━━━ Data records

(* Assume the standing hypotheses (H). There is $K_3\in L^4_{\mathfrak P}$ such that for every $(t,\mathbf x)\in\mathbf D$ and $\boldsymbol\zeta\in\mathbf Z$, $$|H_3(t,\mathbf x;\boldsymbol\zeta)-H_3(t,\mathbf x;\boldsymbol\zeta^0(\Sigma))|\le K_3(t,\mathbf x)\|\boldsymbol\zeta-\boldsymbol\zeta^0(\Sigma)\|\max\big(1,\|\boldsymbol\zeta-\boldsymbol\zeta^0(\Sigma)\|\big).$$
   Context: Setting. Fix $T>0$, $S_0>0$, $\Sigma_0>0$, $A_0\in\mathbb R$. $\Omega$: continuous paths $\omega=(\omega^S,\omega^\Sigma,\omega^A):[0,T]\to\mathbb R^3$ with $\omega_0=(S_0,\Sigma_0,A_0)$ (uniform topology, Borel $\sigma$-algebra $\mathcal F$); $S,\Sigma,A$ coordinate processes, $\mathbb F$ their raw filtration, $M_t=\sup_{u\le t}S_u$, $\mathbf X_t=(S_t,A_t,M_t,\Sigma_t)$. $\mathbf G=\mathbb R_+\times\mathbb R\times\mathbb R_+$, $\mathbf D^0=(0,T)\times\mathbf G\times\mathbb R_+$ (points $(t,\mathbf x)$, $\mathbf x=(S,A,M,\Sigma)$); $0<\underline\Sigma<\Sigma_0<\overline\Sigma$, $\mathbf D=(0,T)\times\mathbf G\times[\underline\Sigma,\overline\Sigma]$. $\|\cdot\|$ Euclidean norm, $\mathbf e_4$ fourth unit vector, $x^-=\max(-x,0)$. Call: $\mathcal C(t,S,\Sigma)$ with $\mathcal C_t+\frac12\Sigma^2S^2\mathcal C_{SS}=0$, $\mathcal C(T_{\mathsf C},S,\Sigma)=\mathsf C(S)$. $b^{\mathcal C}(t,\mathbf x;\boldsymbol\zeta)=\nu\mathcal C_\Sigma+\frac12S^2\mathcal C_{SS}(\sigma^2-\Sigma^2)+\sigma\eta S\mathcal C_{S\Sigma}+\frac12(\eta^2+\xi)\mathcal C_{\Sigma\Sigma}$ for $\boldsymbol\zeta=(\nu,\sigma,\eta,\xi)$. Models: $\mathfrak P^{00}$ = probability measures $P$ on $(\Omega,\mathcal F)$ with progressively measurable $\boldsymbol\zeta^P=(\nu^P,\sigma^P,\eta^P,\xi^P)$ such that $S$, $\Sigma-\int_0^\cdot\nu^P_tdt$ are continuous local $P$-martingales with $d\langle S\rangle_t=S_t^2(\sigma^P_t)^2dt$, $d\langle\Sigma\rangle_t=((\eta^P_t)^2+\xi^P_t)dt$, $d\langle S,\Sigma\rangle_t=S_t\sigma^P_t\eta^P_tdt$, $S,\Sigma>0$, $\xi^P\ge0$, $b^{\mathcal C}(t,\mathbf X_t;\boldsymbol\zeta^P_t)=0$ $dt\times P$-a.e.; for Borel $\alpha,\beta,\gamma,\delta:[0,T]\times\mathbb R^3\to\mathbb R$, $\mathfrak P^0$ = those $P$ with $dA_t=(\alpha+\frac12(\sigma^P_t)^2\beta)dt+\gamma dS_t+\delta dM_t$. $\boldsymbol\zeta^0(\Sigma)=(0,\Sigma,0,0)^\top$; reference model: $\boldsymbol\zeta^P_t=\boldsymbol\zeta^0(\Sigma_t)$ a.e. Non-traded option: $\mathcal V(\cdot,\Sigma)$ solves $\mathcal V_t+(\alpha+\frac12\beta\Sigma^2)\mathcal V_A+\frac12\Sigma^2S^2(\mathcal V_{SS}+2\gamma\mathcal V_{SA}+\gamma^2\mathcal V_{AA})=0$ on $(0,T)\times\mathbf G$, $\delta\mathcal V_A+\mathcal V_M=0$ on $\{S\ge M\}$, $\mathcal V(T,\cdot,\Sigma)=\mathsf V$. $\Delta=\mathcal V_S+\gamma\mathcal V_A$, $\Gamma=\mathcal V_{SS}+2\gamma\mathcal V_{SA}+\gamma^2\mathcal V_{AA}$, $\frac{\partial\Delta}{\partial\Sigma}:=\mathcal V_{S\Sigma}+\gamma\mathcal V_{A\Sigma}$. P&L: $V_t=\mathcal V(t,\mathbf X_t)$, $C_t=\mathcal C(t,S_t,\Sigma_t)$; strategies $\boldsymbol\upsilon=(\theta,\phi)$ real locally bounded progressive; $Y^{\boldsymbol\upsilon,P}_t=Y_0+V_0+\int_0^t\theta dS+\int_0^t\phi dC-V_t$. Preferences: $\Psi=\mathrm{diag}(\psi_\nu,\psi_\sigma,\psi_\eta,\psi_\xi)$, positive; a utility $U$, strategy set $\mathfrak Y$, model set $\mathfrak P\subset\mathfrak P^0$. Candidate control: $\mathbf c=(\mathcal C_\Sigma,\Sigma S^2\mathcal C_{SS},\Sigma S\mathcal C_{S\Sigma},\frac12\mathcal C_{\Sigma\Sigma})^\top$, $\mathbf v=(\mathcal V_\Sigma,\Sigma(\beta\mathcal V_A+S^2\Gamma),\Sigma S\frac{\partial\Delta}{\partial\Sigma},\frac12\mathcal V_{\Sigma\Sigma})^\top$; $\lambda=\frac{\mathbf c^\top\Psi\mathbf v}{\mathbf c^\top\Psi\mathbf c}$ if $\mathcal V_{\Sigma\Sigma}-\frac{\mathbf c^\top\Psi\mathbf v}{\mathbf c^\top\Psi\mathbf c}\mathcal C_{\Sigma\Sigma}\ge0$, else $\lambda=\frac{\mathbf c^\top\Psi\mathbf v-\frac14\mathcal C_{\Sigma\Sigma}\mathcal V_{\Sigma\Sigma}\psi_\xi}{\mathbf c^\top\Psi\mathbf c-\frac14\mathcal C_{\Sigma\Sigma}^2\psi_\xi}$; $\mu=\frac12(\mathcal V_{\Sigma\Sigma}-\lambda\mathcal C_{\Sigma\Sigma})^-$; $\widetilde{\boldsymbol\zeta}=\Psi(\mathbf v-\lambda\mathbf c+\mu\mathbf e_4)$; $\boldsymbol\zeta^\psi=\boldsymbol\zeta^0(\Sigma)+\widetilde{\boldsymbol\zeta}\mathbf 1_{\{\underline\Sigma<\Sigma<\overline\Sigma\}}\psi$; $\widetilde g=\mathbf v^\top\widetilde{\boldsymbol\zeta}$. Cash-equivalent PDE: for $\Sigma\in[\underline\Sigma,\overline\Sigma]$, $\widetilde w_t+(\alpha+\frac12\beta\Sigma^2)\widetilde w_A+\frac12\Sigma^2S^2(\widetilde w_{SS}+2\gamma\widetilde w_{SA}+\gamma^2\widetilde w_{AA})+\frac12\widetilde g(\cdot,\Sigma)=0$ on $(0,T)\times\mathbf G$, $\delta\widetilde w_A+\widetilde w_M=0$ on $\{S\ge M\}$, $\widetilde w(T,\cdot,\Sigma)=0$. $L^p_{\mathfrak P}$: Borel $K$ on $\mathbf D^0$ with $\sup_{P\in\mathfrak P}E^P[\int_0^T|K(t,\mathbf X_t)|^pdt]^{1/p}<\infty$. Candidate asymptotic model family: $(P^\psi)_{\psi\in(0,\psi_0)}\subset\mathfrak P$, $\psi_0\in(0,1)$, with $K_0\in L^4_{\mathfrak P}$ and $\|\boldsymbol\zeta^{P^\psi}_t-\boldsymbol\zeta^\psi(t,\mathbf X_t)\|\le K_0(t,\mathbf X_t)\psi^2$ $dt\times P^\psi$-a.e. Assumption (A): (a) $\exists K_{\mathfrak Y}$: $Y^{\boldsymbol\upsilon,P}>-K_{\mathfrak Y}$ $dt\times P$-a.e. for all $\boldsymbol\upsilon\in\mathfrak Y$, $P\in\mathfrak P$; (b) $\mathfrak P$ contains a candidate asymptotic model family and a reference model, and constants $\underline\nu<0<\overline\nu$, $0<\underline\sigma<\underline\Sigma$, $\overline\Sigma<\overline\sigma$, $\underline\eta<0<\overline\eta$, $\overline\xi>0$ bound $\nu^P,\sigma^P,\eta^P,\xi^P,\Sigma$ in $[\underline\nu,\overline\nu],[\underline\sigma,\overline\sigma],[\underline\eta,\overline\eta],[0,\overline\xi],[\underline\Sigma,\overline\Sigma]$ $dt\times P$-a.e. for all $P\in\mathfrak P$; (c) $T_{\mathsf C}\ge T$, $\mathcal C\in C^{1,2,2}((0,T_{\mathsf C})\times\mathbb R_+^2)\cap C([0,T_{\mathsf C}]\times\overline{\mathbb R}_+^2)$ solves the call PDE classically for $\Sigma\in[\underline\Sigma,\overline\Sigma]$, $\mathcal C_\Sigma\ne0$ and $|\mathcal C_{\Sigma\Sigma}|\le K_{\mathcal C}(|\mathcal C_\Sigma|+|S^2\mathcal C_{SS}|+|S\mathcal C_{S\Sigma}|)$ on $(0,T)\times\mathbb R_+\times[\underline\Sigma,\overline\Sigma]$ with $K_{\mathcal C}\in L^2_{\mathfrak P}$; (d) $\mathcal V\in C^{1,2,2,1,2}(\mathbf D^0)\cap C(\overline{\mathbf D^0})$ solves the $\mathcal V$-PDE classically for $\Sigma\in[\underline\Sigma,\overline\Sigma]$, $|\mathcal V_\Sigma|,|\beta\mathcal V_A+S^2\Gamma|,|S\frac{\partial\Delta}{\partial\Sigma}|,|\mathcal V_{\Sigma\Sigma}|\le K_{\mathcal V}$ on $\mathbf D$; (e) $\widetilde w\in C^{1,2,2,1,2}(\mathbf D^0)\cap C(\overline{\mathbf D^0})$ solves the cash-equivalent PDE classically for $\Sigma\in[\underline\Sigma,\overline\Sigma]$, $0\le\widetilde w\le K_{\widetilde w}$ on $\mathbf D$, and $\widetilde w_\Sigma,S(\widetilde w_S+\gamma\widetilde w_A),\beta\widetilde w_A+S^2(\widetilde w_{SS}+2\gamma\widetilde w_{SA}+\gamma^2\widetilde w_{AA}),S(\widetilde w_{S\Sigma}+\gamma\widetilde w_{A\Sigma}),\widetilde w_{\Sigma\Sigma}\in L^4_{\mathfrak P}$; (f) $U\in C^3(\mathbb R)$, $U'>0$, $U''<0$, $-U''/U'$ nonincreasing. Additional notation. $\mathbf Z=[\underline\nu,\overline\nu]\times[\underline\sigma,\overline\sigma]\times[\underline\eta,\overline\eta]\times[0,\overline\xi]$. $H_3(t,\mathbf x;\boldsymbol\zeta)=\nu\widetilde w_\Sigma+(\alpha+\frac12\beta\sigma^2)\widetilde w_A+\frac12\sigma^2S^2(\widetilde w_{SS}+2\gamma\widetilde w_{SA}+\gamma^2\widetilde w_{AA})+\sigma\eta S(\widetilde w_{S\Sigma}+\gamma\widetilde w_{A\Sigma})+\frac12(\eta^2+\xi)\widetilde w_{\Sigma\Sigma}$ for $\boldsymbol\zeta=(\nu,\sigma,\eta,\xi)$. Delta-vega hedge $\boldsymbol\upsilon^\star_t=(\Delta-\frac{\mathcal V_\Sigma}{\mathcal C_\Sigma}\mathcal C_S,\frac{\mathcal V_\Sigma}{\mathcal C_\Sigma})(t,\mathbf X_t)$. Standing hypotheses (H): Assumption (A) holds, $\boldsymbol\upsilon^\star\in\mathfrak Y$, and $(P^\psi)_{\psi\in(0,\psi_0)}\subset\mathfrak P$ is a candidate asymptotic model family. *)

From HB Require Import structures.
From mathcomp Require Import all_boot all_order all_algebra.
From mathcomp Require Import all_classical all_reals all_analysis.
Set Implicit Arguments. Unset Strict Implicit. Unset Printing Implicit Defensive.
Import Order.TTheory GRing.Theory Num.Theory.
Import numFieldNormedType.Exports.
Local Open Scope classical_set_scope.
Local Open Scope ring_scope.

━━━━━━

- _What to work on_
Return only the number of lines above in which the string "Open" occurs.

- _Task output_
2